Maybe they all were dead. Maybe they had a change of heart.
The border crisis. The housing crisis. The inflation crisis. Problems that seem almost luxurious. Wiped away, almost instantly, because of Paris.
The hand-wringing over who comes in, who stays out stopped. The gaslighting stopped. People shut their doors. Reached for guns. Welcomed the walls.
If you time traveled back to the turn of the century, the Bishop had said, and asked someone where they expected the biggest wall to be built, surely they would have said between the US and Mexico along the natural barrier of the Rio Grande. But they wouldn't have imagined Corridor West.
Developments in concrete 3D printing accelerated the ability to build big structures quickly, and that one wall so long the focus and crucible of political power, was now a corridor that shut out the rest of the world. A marvel to rival—perhaps even exceed—the wonders of the world ancient and the pre-Paris world which once had the Great Wall of China.

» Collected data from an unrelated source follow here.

Lemma delta_profile_le_of_bessel_bound nu M s u v : -1 < nu ->
  (forall z, 1 <= z -> bessel_series (nu + 1) z <= M * exp z * Rpower z (- (nu + 1 + 1 / 2))) ->
  0 < s -> 0 < u -> 0 < v -> 1 <= 2 * s * u * v ->
  delta_profile nu s u v
  <= M * exp (- (nu + 1 / 2) * ln 2) * exp (- ln s / 2)
     * ((Rabs (v - s * u) + (nu + 2) / v)
        * exp (- ((1 + s) ^ 2 * (u - v) ^ 2 / 4 + (1 - s) ^ 2 * (u + v) ^ 2 / 4))).
Proof.
  intros Hn HB Hs Hu Hv Hz.
  pose proof (profile_weight_exp_eq nu s u v Hs Hu Hv) as Hid. cbv zeta in Hid.
  set (z := 2 * s * u * v) in *.
  assert (HS1 : 0 < bessel_series (nu + 1) z) by (apply bessel_series_pos; lra).
  assert (Hab : Rabs (v ^ 2 * bessel_series (nu + 1) z - bessel_series nu z)
                <= (Rabs (v ^ 2 - z / 2) + (nu + 2)) * bessel_series (nu + 1) z).
  { replace (v ^ 2 * bessel_series (nu + 1) z - bessel_series nu z)
      with ((v ^ 2 - z / 2) * bessel_series (nu + 1) z
            + (z / 2 * bessel_series (nu + 1) z - bessel_series nu z)) by ring.
    eapply Rle_trans; [apply Rabs_triang|].
    rewrite Rabs_mult, (Rabs_right (bessel_series (nu + 1) z)) by lra.
    pose proof (bessel_series_shift_diff_le nu z Hn ltac:(lra)). lra. }
  assert (Hw : (Rabs (v ^ 2 - z / 2) + (nu + 2)) * / v = Rabs (v - s * u) + (nu + 2) / v).
  { unfold z. replace (v ^ 2 - 2 * s * u * v / 2) with (v * (v - s * u)) by field.
    rewrite Rabs_mult, (Rabs_right v) by lra. field. lra. }
  set (W := exp (profile_log_weight nu s u v) * exp (- ((1 + s ^ 2) / 2 * (u ^ 2 + v ^ 2)))).
  assert (HW : 0 < W) by (apply Rmult_lt_0_compat; apply exp_pos).
  unfold delta_profile. fold z W.
  apply Rle_trans with (W * ((Rabs (v ^ 2 - z / 2) + (nu + 2))
                             * (M * exp z * Rpower z (- (nu + 1 + 1 / 2))))).
  { apply Rmult_le_compat_l; [lra|]. eapply Rle_trans; [exact Hab|].
    apply Rmult_le_compat_l; [pose proof (Rabs_pos (v ^ 2 - z / 2)); lra | apply HB; lra]. }
  right. rewrite <- Hw.
  transitivity (M * (Rabs (v ^ 2 - z / 2) + (nu + 2)) * (W * exp z * Rpower z (- (nu + 1 + 1 / 2))));
    [ring|].
  unfold W. rewrite Hid. ring.
Qed.

Lemma delta_profile_le_large nu : -1 < nu -> exists K, 0 < K /\
  forall s u v, 0 < s -> s < 1 -> 0 < u -> 0 < v -> 1 <= 2 * s * u * v ->
    delta_profile nu s u v <= K * profile_majorant nu s u v.
Proof.
  intros Hn. destruct (bessel_series_le_exp (nu + 1) ltac:(lra)) as [M [HM HB]].
  set (C := M * exp (- (nu + 1 / 2) * ln 2)).
  assert (HC : 0 < C) by (apply Rmult_lt_0_compat; [auto | apply exp_pos]).
  exists (C * (10 * (nu + 2) + 4)). split; [apply Rmult_lt_0_compat; lra|].
  intros s u v Hs Hs1 Hu Hv Hz.
  eapply Rle_trans; [now apply (delta_profile_le_of_bessel_bound nu M)|]. fold C.
  pose proof (exp_pos (- ln s / 2)).
  eapply Rle_trans.
  { apply Rmult_le_compat_l; [apply Rlt_le, Rmult_lt_0_compat; auto|].
    exact (large_regime_factor_le nu s u v Hn Hs Hs1 Hu Hv Hz). }
  assert (0 <= gamma_nu nu * ln (1 + / v)).
  { apply Rmult_le_pos; [apply gamma_nu_nonneg | apply ln_nonneg].
    pose proof (Rinv_0_lt_compat v Hv). lra. }
  assert (exp (- ln s / 2) * exp (- ((u - v) ^ 2 / 8)) <= profile_majorant nu s u v).
  { unfold profile_majorant. rewrite <- exp_plus. apply exp_le_compat.
    pose proof (pow2_ge_0 (u - v)). lra. }
  replace (C * exp (- ln s / 2) * ((10 * (nu + 2) + 4) * exp (- ((u - v) ^ 2 / 8))))
    with (C * (10 * (nu + 2) + 4) * (exp (- ln s / 2) * exp (- ((u - v) ^ 2 / 8)))) by ring.
  apply Rmult_le_compat_l; [apply Rlt_le, Rmult_lt_0_compat|]; lra.
Qed.

Lemma delta_profile_le nu : -1 < nu -> exists K, 0 < K /\
  forall s u v, 0 < s -> s < 1 -> 0 < u -> 0 < v ->
    delta_profile nu s u v <= K * profile_majorant nu s u v.
Proof.
  intros Hn.
  destruct (delta_profile_le_small nu Hn) as [K1 [HK1 H1]].
  destruct (delta_profile_le_large nu Hn) as [K2 [HK2 H2]].
  exists (K1 + K2). split; [lra|]. intros s u v Hs Hs1 Hu Hv.
  assert (0 < profile_majorant nu s u v) by apply exp_pos.
  destruct (Rle_lt_dec (2 * s * u * v) 1) as [Hz|Hz].
  - specialize (H1 s u v Hs Hs1 Hu Hv Hz). nra.
  - specialize (H2 s u v Hs Hs1 Hu Hv ltac:(lra)). nra.
Qed.

(** * Back to the original variables *)

Lemma exp_neg_2t_sq t : exp (- (2 * t)) ^ 2 = exp (- (4 * t)).
Proof. simpl. rewrite Rmult_1_r, <- exp_plus. f_equal. ring. Qed.

Lemma heat_prefactor_le t : 0 < t ->
  2 * exp (- (2 * t)) ^ 2 / (1 - exp (- (2 * t)) ^ 2) * exp t <= 2 / t.
Proof.
  intros Ht. rewrite exp_neg_2t_sq.
  assert (Hexp_le : forall a, exp (- a) * (1 + a) <= 1).
  { intros a. pose proof (exp_ineq1_le a). pose proof (exp_pos (- a)).
    replace 1 with (exp (- a) * exp a) at 2 by (rewrite <- exp_plus, Rplus_opp_l; apply exp_0).
    apply Rmult_le_compat_l; lra. }
  pose proof (Hexp_le (3 * t)).
  assert (H43 : exp (- (4 * t)) <= exp (- (3 * t))) by (apply exp_le_compat; lra).
  assert (Hd : exp (- (4 * t)) < 1) by (rewrite <- exp_0; apply exp_increasing; lra).
  apply (Rmult_le_reg_r (t * (1 - exp (- (4 * t))))); [apply Rmult_lt_0_compat; lra|].
  replace (2 * exp (- (4 * t)) / (1 - exp (- (4 * t))) * exp t * (t * (1 - exp (- (4 * t)))))
    with (2 * t * (exp (- (4 * t)) * exp t)) by (field; lra).
  replace (exp (- (4 * t)) * exp t) with (exp (- (3 * t))) by (rewrite <- exp_plus; f_equal; ring).
  replace (2 / t * (t * (1 - exp (- (4 * t))))) with (2 * (1 - exp (- (4 * t)))) by (field; lra).
  nra.
Qed.

Lemma sq_sub_div_sqrt_ge t d x y : 0 < t -> 0 < d -> d <= 4 * t ->
  (x - y) ^ 2 / (64 * t) <= (x / sqrt d - y / sqrt d) ^ 2 / 16.
Proof.
  intros Ht Hd Hd4.
  assert (Hsd : 0 < sqrt d) by (apply sqrt_lt_R0; lra).
  replace ((x / sqrt d - y / sqrt d) ^ 2) with ((x - y) ^ 2 / (sqrt d * sqrt d)) by (field; lra).
  rewrite sqrt_sqrt by lra.
  replace ((x - y) ^ 2 / d / 16) with ((x - y) ^ 2 / (16 * d)) by (field; lra).
  unfold Rdiv. apply Rmult_le_compat_l; [apply pow2_ge_0|]. apply Rinv_le_contravar; lra.
Qed.

Lemma mul_ln_inv_div_sqrt_le g t d y : 0 <= g <= 1 -> 0 < t -> 0 < d -> d <= 4 * t -> 0 < y ->
  g * ln (1 + / (y / sqrt d)) <= ln 2 + g * ln (1 + sqrt t / y).
Proof.
  intros Hg Ht Hd Hd4 Hy.
  assert (Hsd : 0 < sqrt d) by (apply sqrt_lt_R0; lra).
  assert (Hst : sqrt d <= 2 * sqrt t).
  { replace (2 * sqrt t) with (sqrt (4 * t)); [apply sqrt_le_1_alt; lra|].
    rewrite sqrt_mult by lra. replace 4 with (2 * 2) by ring. rewrite sqrt_square; lra. }
  replace (/ (y / sqrt d)) with (sqrt d / y) by (field; lra).
  assert (H0 : 0 <= sqrt t / y) by (apply Rdiv_le_0_compat; [apply sqrt_pos | lra]).
  assert (Hln : ln (1 + sqrt d / y) <= ln 2 + ln (1 + sqrt t / y)).
  { rewrite <- ln_mult by lra. apply ln_le.
    - assert (0 < sqrt d / y) by (apply Rdiv_lt_0_compat; lra). lra.
    - assert (sqrt d / y <= 2 * (sqrt t / y)); [|lra].
      unfold Rdiv. rewrite <- Rmult_assoc.
      apply Rmult_le_compat_r; [apply Rlt_le, Rinv_0_lt_compat|]; lra. }
  assert (0 <= ln (1 + sqrt t / y)) by (apply ln_nonneg; lra).
  assert (0 < ln 2) by (rewrite <- ln_1; apply ln_increasing; lra).
  assert (g * ln (1 + sqrt d / y) <= g * (ln 2 + ln (1 + sqrt t / y))) by (apply Rmult_le_compat_l; lra).
  nra.
Qed.

Lemma profile_majorant_rescale_le nu t x y : -1 < nu -> 0 < t -> 0 < x -> 0 < y ->
  let s := exp (- (2 * t)) in
  profile_majorant nu s (x / sqrt (1 - s ^ 2)) (y / sqrt (1 - s ^ 2))
  <= 2 * exp t * exp (- ((x - y) ^ 2 / (64 * t))) * Rpower (1 + sqrt t / y) (gamma_nu nu).
Proof.
  intros Hn Ht Hx Hy s.
  assert (Hs2 : s ^ 2 = exp (- (4 * t))) by apply exp_neg_2t_sq.
  assert (Hd : 0 < 1 - s ^ 2) by (rewrite Hs2, <- exp_0 at 1; apply Rlt_Rminus, exp_increasing; lra).
  assert (Hd4 : 1 - s ^ 2 <= 4 * t) by (rewrite Hs2; pose proof (exp_ineq1_le (- (4 * t))); lra).
  pose proof (sq_sub_div_sqrt_ge t (1 - s ^ 2) x y Ht Hd Hd4).
  pose proof (mul_ln_inv_div_sqrt_le (gamma_nu nu) t (1 - s ^ 2) y
                (conj (gamma_nu_nonneg nu) (gamma_nu_le_1 nu Hn)) Ht Hd Hd4 Hy).
  unfold profile_majorant, Rpower. replace (- ln s / 2) with t by (unfold s; rewrite ln_exp; field).
  rewrite <- (exp_ln 2) at 1 by lra. rewrite <- !exp_plus. apply exp_le_compat. lra.
Qed.

Theorem proposition3p3 (nu : R) (hnu : -1 < nu) :
  exists C c : R, 0 < C /\ 0 < c /\
    forall t x y : R, 0 < t -> 0 < x -> 0 < y ->
      Rabs (delta_kernel nu t x y)
        <= C / t * exp (- ((x - y) ^ 2 / (c * t)))
           * Rpower (1 + sqrt t / y) (gamma_nu nu).
Proof.
  destruct (delta_profile_le nu hnu) as [K [HK Hprofile]].
  exists (4 * K), 64. split; [lra|]. split; [lra|].
  intros t x y Ht Hx Hy.
  pose proof (delta_kernel_abs_eq nu t x y hnu Ht Hx Hy) as Heq.
  pose proof (profile_majorant_rescale_le nu t x y hnu Ht Hx Hy) as Hmaj.
  pose proof (heat_prefactor_le t Ht) as Hpre.
  cbv zeta in Heq, Hmaj. rewrite Heq.
  set (s := exp (- (2 * t))) in *.
  assert (Hs : 0 < s < 1)
    by (split; [apply exp_pos | unfold s; rewrite <- exp_0; apply exp_increasing; lra]).
  assert (Hd : 0 < 1 - s ^ 2) by (assert (s ^ 2 < 1) by (simpl; nra); lra).
  set (u := x / sqrt (1 - s ^ 2)) in *. set (v := y / sqrt (1 - s ^ 2)) in *.
  assert (Hsd : 0 < sqrt (1 - s ^ 2)) by (apply sqrt_lt_R0; lra).
  specialize (Hprofile s u v ltac:(lra) ltac:(lra)
                (Rdiv_lt_0_compat _ _ Hx Hsd) (Rdiv_lt_0_compat _ _ Hy Hsd)).
  set (G := exp (- ((x - y) ^ 2 / (64 * t))) * Rpower (1 + sqrt t / y) (gamma_nu nu)) in *.
  assert (HG : 0 <= G) by (unfold G, Rpower; apply Rlt_le, Rmult_lt_0_compat; apply exp_pos).
  assert (Hpos : 0 < 2 * s ^ 2 / (1 - s ^ 2))
    by (apply Rdiv_lt_0_compat; [apply Rmult_lt_0_compat; [lra | apply pow_lt] |]; lra).
  apply Rle_trans with (2 * s ^ 2 / (1 - s ^ 2) * (K * (2 * exp t * G))).
  { apply Rmult_le_compat_l; [lra|]. eapply Rle_trans; [exact Hprofile|].
    apply Rmult_le_compat_l; [lra|]. unfold G. rewrite <- Rmult_assoc. exact Hmaj. }
  replace (2 * s ^ 2 / (1 - s ^ 2) * (K * (2 * exp t * G)))
    with ((2 * s ^ 2 / (1 - s ^ 2) * exp t) * (2 * K * G)) by ring.
  replace (4 * K / t * exp (- ((x - y) ^ 2 / (64 * t))) * Rpower (1 + sqrt t / y) (gamma_nu nu))
    with (2 / t * (2 * K * G)) by (unfold G; field; lra).
  apply Rmult_le_compat_r; [nra | exact Hpre].
Qed.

The size of it was staggering.
Boyer had only seen pictures online of the progress made from what used to be southern California up to the north of Canada. The dramatic line that shot straight up from San Diego and curved, an extended parenthesis carved as though by the finger of God in the stony tablet of the new world. With it an entire new law and set of rules for humanity.
That parentheses, half of a whole, reflected but also dwarfed a similar line in the East, if you zoomed out on the map of New North. The unfinished line of Corridor East that cut up from the eastern port of New York through Toronto and shot up north. The Great Lakes formed the natural, west-most barrier of the energy sector.
From that satellite view it all looked so simple, factual. The walls grew longer every day as concrete sections replaced the hovering drones which didn’t move, just floated higher above the new structures, their multiple lenses pointed in every direction.
From space, it all looked so neat. As though the map were a casual afterthought, completing a long sentence in history. Between order, darkness. Before progress, chaos. An explanation to the passengers who launched off world. What was the message? This is where it all ends up.
Boyer checked the gauge on her dashboard. She would reach Maskwacis by dusk. There was enough charge. The road was carefully protected from the air, but she couldn’t help but double check every few miles.
Soon she’d be outside the wall. And a stone's throw from the Phos.